Data modeling involves:
Entities and Attributes
Entities represent objects or concepts
Attributes are the properties that describe them
For example, in a customer database, an entity could be "Customer" with attributes like (Name, Email, Date of Birth, …)
Relationships
Relationships define how entities relate to each other
For example, a "Customer" entity might have a relationship with an "Order" entity, indicating that customers place orders
Diagrams
Entity-Relationship Diagrams (ERDs) are used to visually represent the data model
To recap:
A data model is nothing more than a structured way to model / represent an underlying system, given how relational databases store and retrieve data
An ER diagram is a visual representation of a data model that will allow us to take a model and eventually convert it into relations (tables) inside our database system
Types of Data Models
Like the design of any complex piece of software, the database design process has several key steps
In the database design process, we typically begin with business requirements that must be converted into a set of entities and relationships, not only for our database design but also for the applications that will have user or system interactivity.

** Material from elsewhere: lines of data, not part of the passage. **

(* In the line network model (see context), assume a unique worst link: there is $m$ with $p_m=\max_i p_i<1$ and $p_i<p_m$ for $i\ne m$, and let $A:=1-p_m$. Then $\mathbb{E}R_t=A\,t-r(t)$ where the function $r$ is bounded uniformly in $t\ge0$ and $n\ge1$, and consequently $\mathbb{E}T_n=\frac{n}{A}+O(1)$ as $n\to\infty$.
   Context: Line network model. Fix integers $\ell\ge1$, $n\ge1$ and erasure probabilities $p_1,\dots,p_\ell\in[0,1)$. Let $\{z_{t,i}\}$ be independent Bernoulli variables with $\mathbb{P}(z_{t,i}=1)=1-p_i$. The rank $\rho_i(t)$ of node $N^{(i)}$ after $t$ steps satisfies $\rho_1(t)=n$, $\rho_i(0)=0$ for $i\ge2$, and $\rho_{i+1}(t)=\rho_{i+1}(t-1)+z_{t,i}\mathbf 1\{\rho_i(t-1)>\rho_{i+1}(t-1)\}$. $R_t:=\rho_{\ell+1}(t)$ and $T_n:=\min\{t:\rho_{\ell+1}(t)=n\}$. Here the bound on $r(t)$ is meant in the regime before the source packets are exhausted, i.e. with the source treated as having an unlimited supply of packets (as $n\to\infty$). *)

From Stdlib Require Import Reals Arith List Bool.
Import ListNotations.
Open Scope R_scope.

(* A configuration of the erasure variables: z t i = true  iff  z_{t,i} = 1
   (packet on link i at step t is NOT erased), which has probability 1 - p_i. *)
Definition config := nat -> nat -> bool.

(* Source supply: [Some n] = the source holds n packets (rho_1(t) = n);
   [None] = unlimited supply (rho_1 = +infinity). *)
Definition src_gt (src : option nat) (k : nat) : bool :=
  match src with Some n => Nat.ltb k n | None => true end.

(* rho src z t i = rank of node N^(i) after t steps, for i >= 2:
   rho_{i}(t) = rho_{i}(t-1) + z_{t,i-1} 1{rho_{i-1}(t-1) > rho_{i}(t-1)},
   rho_i(0) = 0, and rho_1 is the source rank. *)
Fixpoint rho (src : option nat) (z : config) (t i : nat) : nat :=
  match t with
  | O => O
  | S t' =>
      let prev := rho src z t' i in
      let can := if Nat.eqb i 2 then src_gt src prev
                 else Nat.ltb prev (rho src z t' (i - 1)) in
      (prev + (if z t (i - 1) && can then 1 else 0))%nat
  end.

Definition Rt (l : nat) (src : option nat) (z : config) (t : nat) : nat :=
  rho src z t (S l).

Definition upd (z : config) (s i : nat) (b : bool) : config :=
  fun s' i' => if Nat.eqb s' s && Nat.eqb i' i then b else z s' i'.

(* Expectation, under independent Bernoulli(1 - p_i) variables z_{s,i} for the
   (distinct) cells (s,i) in the list, of a random variable X depending only
   on those cells. *)
Fixpoint Exp (p : nat -> R) (cells : list (nat * nat)) (X : config -> R) : R :=
  match cells with
  | [] => X (fun _ _ => false)
  | (s, i) :: cs =>
      (1 - p i) * Exp p cs (fun z => X (upd z s i true))
      + p i * Exp p cs (fun z => X (upd z s i false))
  end.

Converting requirements into a final design requires various iterations and the use of data models helps us move towards the final specification in a systematic manner. This is where different types of data models come in to achieve this incremental modeling process.
Types
Conceptual Data Model
High-level overview of business concepts and relationships
We’ll consider visual and structured data diagrams as well as the final relations and properties
Logical Data Model
More detailed, without focusing on how the data is physically implemented
We’ll strongly consider the data integrity mechanisms to ensure our data is always correct and sound
Physical Data Model
Specific to the database management system (DBMS)
Details the tables, columns, indexes, and relationships
We consider what database system we’ll use as well as its capabilities
Normalization
Normalization is a technique used to minimize redundancy
The technique involves reorganizing your tables and fields in a way that minimizes duplication and dependencies between fields - for example, storing the age and date of birth, both, in a database would be considered redundant and normalization helps us (1) identify these inefficiencies and (2) systematically address them such that we arrive at the best database implementation
Normal Forms
Normal forms are ‘levels’ of achievement for a certain amount of normalization that has been achieved
There are different normal forms, which come with a set of guidelines that logically check if a database design is within that normal form - the benefit of a database being classified into a normal form is that it guarantees that a set of integrity problems will not exist at that level
Recipes / algorithms allow us to jump between one normal form into another, either breaking up our tables further (known as decomposition) or bringing our tables back together (known as synthesis)
The different normal forms include
First Normal Form (1NF)
Ensures each column contains atomic (indivisible) values
Each entry in a column is of the same data type
Second Normal Form (2NF)
Meets all the requirements of 1NF
Ensures that all non-key attributes are fully functionally dependent on the primary key
Third Normal Form (3NF)
Meets all the requirements of 2NF
Ensures that all attributes are not only fully dependent on the primary key but also independent of each other (no transitive dependency)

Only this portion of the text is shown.